◆ INFORMATION:
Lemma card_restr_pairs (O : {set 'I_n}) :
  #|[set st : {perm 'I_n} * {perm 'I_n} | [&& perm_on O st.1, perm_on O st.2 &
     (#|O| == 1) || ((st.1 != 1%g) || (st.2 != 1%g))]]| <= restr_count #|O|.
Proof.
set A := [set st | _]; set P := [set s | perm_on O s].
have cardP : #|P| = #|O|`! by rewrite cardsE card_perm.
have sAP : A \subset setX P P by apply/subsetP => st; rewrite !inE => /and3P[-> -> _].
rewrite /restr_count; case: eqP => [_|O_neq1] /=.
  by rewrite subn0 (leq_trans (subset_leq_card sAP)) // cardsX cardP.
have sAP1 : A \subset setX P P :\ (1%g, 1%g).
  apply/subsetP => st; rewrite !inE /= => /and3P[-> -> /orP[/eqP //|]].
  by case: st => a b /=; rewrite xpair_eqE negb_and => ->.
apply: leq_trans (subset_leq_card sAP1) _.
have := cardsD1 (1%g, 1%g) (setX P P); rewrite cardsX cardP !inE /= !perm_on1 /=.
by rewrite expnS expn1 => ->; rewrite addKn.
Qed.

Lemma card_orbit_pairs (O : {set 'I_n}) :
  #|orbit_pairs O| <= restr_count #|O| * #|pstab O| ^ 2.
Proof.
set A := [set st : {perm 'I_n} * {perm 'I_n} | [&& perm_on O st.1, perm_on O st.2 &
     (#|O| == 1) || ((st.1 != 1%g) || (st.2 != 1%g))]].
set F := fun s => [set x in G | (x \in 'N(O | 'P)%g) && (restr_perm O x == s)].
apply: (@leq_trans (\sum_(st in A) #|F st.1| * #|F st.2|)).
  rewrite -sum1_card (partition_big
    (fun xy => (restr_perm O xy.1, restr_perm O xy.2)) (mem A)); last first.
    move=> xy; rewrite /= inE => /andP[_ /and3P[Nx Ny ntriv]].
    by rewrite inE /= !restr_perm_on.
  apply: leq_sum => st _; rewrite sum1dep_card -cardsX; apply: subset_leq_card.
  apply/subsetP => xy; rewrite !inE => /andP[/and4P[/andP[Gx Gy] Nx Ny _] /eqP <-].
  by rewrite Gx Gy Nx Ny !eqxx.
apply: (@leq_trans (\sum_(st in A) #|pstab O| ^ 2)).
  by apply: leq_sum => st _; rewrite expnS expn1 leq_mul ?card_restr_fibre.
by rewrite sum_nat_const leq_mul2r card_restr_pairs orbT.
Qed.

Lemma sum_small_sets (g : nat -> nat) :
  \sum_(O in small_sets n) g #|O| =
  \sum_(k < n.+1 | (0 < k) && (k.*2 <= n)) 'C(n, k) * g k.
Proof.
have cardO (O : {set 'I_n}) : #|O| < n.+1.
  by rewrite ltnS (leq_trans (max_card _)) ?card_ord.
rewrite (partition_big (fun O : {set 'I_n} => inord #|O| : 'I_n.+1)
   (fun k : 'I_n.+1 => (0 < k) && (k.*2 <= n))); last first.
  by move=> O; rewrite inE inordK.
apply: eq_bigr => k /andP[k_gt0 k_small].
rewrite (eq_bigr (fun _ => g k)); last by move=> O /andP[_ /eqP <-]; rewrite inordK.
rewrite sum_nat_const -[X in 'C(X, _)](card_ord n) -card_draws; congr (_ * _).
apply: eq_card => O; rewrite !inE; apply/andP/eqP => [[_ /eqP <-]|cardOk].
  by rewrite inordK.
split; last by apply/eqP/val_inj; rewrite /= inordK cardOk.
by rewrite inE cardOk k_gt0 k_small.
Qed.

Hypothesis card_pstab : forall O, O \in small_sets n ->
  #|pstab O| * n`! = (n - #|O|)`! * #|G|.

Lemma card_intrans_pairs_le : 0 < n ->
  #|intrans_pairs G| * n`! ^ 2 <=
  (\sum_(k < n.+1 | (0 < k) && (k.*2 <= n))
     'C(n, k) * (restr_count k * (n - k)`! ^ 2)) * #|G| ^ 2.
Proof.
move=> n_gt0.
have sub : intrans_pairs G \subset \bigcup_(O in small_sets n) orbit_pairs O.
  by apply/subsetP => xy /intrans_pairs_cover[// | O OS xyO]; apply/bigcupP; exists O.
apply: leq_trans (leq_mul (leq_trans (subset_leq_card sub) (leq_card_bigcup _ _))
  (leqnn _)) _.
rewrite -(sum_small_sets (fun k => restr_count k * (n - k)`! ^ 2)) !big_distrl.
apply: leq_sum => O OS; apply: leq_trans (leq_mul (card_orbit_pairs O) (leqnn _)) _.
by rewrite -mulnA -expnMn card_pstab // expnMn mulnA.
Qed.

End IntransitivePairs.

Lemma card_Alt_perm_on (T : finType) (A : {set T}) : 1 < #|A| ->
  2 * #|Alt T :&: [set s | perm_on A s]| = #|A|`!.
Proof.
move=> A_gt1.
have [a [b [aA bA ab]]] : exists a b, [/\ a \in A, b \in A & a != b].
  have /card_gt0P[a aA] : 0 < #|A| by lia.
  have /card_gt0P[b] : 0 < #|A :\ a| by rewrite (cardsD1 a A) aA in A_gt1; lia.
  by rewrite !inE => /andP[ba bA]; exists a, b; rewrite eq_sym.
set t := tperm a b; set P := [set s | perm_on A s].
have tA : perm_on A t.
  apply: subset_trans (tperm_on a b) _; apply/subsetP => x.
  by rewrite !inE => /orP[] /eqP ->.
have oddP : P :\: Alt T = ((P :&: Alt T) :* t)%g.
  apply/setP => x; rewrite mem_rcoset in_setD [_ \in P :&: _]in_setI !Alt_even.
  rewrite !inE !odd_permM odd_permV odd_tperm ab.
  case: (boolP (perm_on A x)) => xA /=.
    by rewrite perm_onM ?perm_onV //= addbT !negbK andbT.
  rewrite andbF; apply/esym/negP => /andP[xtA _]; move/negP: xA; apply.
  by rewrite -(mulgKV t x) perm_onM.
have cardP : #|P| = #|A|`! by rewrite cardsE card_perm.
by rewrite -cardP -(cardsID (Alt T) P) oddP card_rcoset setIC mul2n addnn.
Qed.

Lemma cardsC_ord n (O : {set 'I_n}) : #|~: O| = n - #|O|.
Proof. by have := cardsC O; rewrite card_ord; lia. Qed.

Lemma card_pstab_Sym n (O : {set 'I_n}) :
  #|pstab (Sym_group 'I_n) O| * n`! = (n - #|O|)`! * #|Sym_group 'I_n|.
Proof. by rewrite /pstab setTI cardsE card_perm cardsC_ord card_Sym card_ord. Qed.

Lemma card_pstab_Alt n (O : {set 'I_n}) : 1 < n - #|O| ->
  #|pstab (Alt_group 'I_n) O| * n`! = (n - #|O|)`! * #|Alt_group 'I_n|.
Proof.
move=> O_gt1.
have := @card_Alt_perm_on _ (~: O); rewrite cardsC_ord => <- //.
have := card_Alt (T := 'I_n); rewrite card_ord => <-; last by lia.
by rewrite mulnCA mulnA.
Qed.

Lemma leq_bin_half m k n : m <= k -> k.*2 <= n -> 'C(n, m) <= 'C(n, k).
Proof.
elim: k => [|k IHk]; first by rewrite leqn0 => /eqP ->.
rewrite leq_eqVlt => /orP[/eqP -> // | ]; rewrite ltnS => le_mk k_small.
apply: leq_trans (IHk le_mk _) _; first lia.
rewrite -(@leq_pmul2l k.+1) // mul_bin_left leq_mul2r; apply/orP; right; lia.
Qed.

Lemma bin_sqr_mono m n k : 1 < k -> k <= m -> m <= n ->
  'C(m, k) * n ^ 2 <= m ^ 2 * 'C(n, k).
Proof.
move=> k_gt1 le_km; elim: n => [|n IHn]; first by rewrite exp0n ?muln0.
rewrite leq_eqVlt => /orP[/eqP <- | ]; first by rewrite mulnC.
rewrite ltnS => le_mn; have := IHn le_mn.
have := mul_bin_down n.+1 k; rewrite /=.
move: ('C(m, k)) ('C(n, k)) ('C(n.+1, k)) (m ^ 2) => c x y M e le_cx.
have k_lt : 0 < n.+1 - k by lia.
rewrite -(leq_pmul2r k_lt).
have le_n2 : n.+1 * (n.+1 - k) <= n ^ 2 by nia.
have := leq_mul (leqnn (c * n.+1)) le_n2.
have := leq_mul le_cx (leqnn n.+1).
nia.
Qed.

◆ PROBLEM REQUIREMENTS: Across the material, report every line that has the word "expnS".

◆ RESULT OF THIS TASK:
by rewrite expnS expn1 => ->; rewrite addKn.
  by apply: leq_sum => st _; rewrite expnS expn1 leq_mul ?card_restr_fibre.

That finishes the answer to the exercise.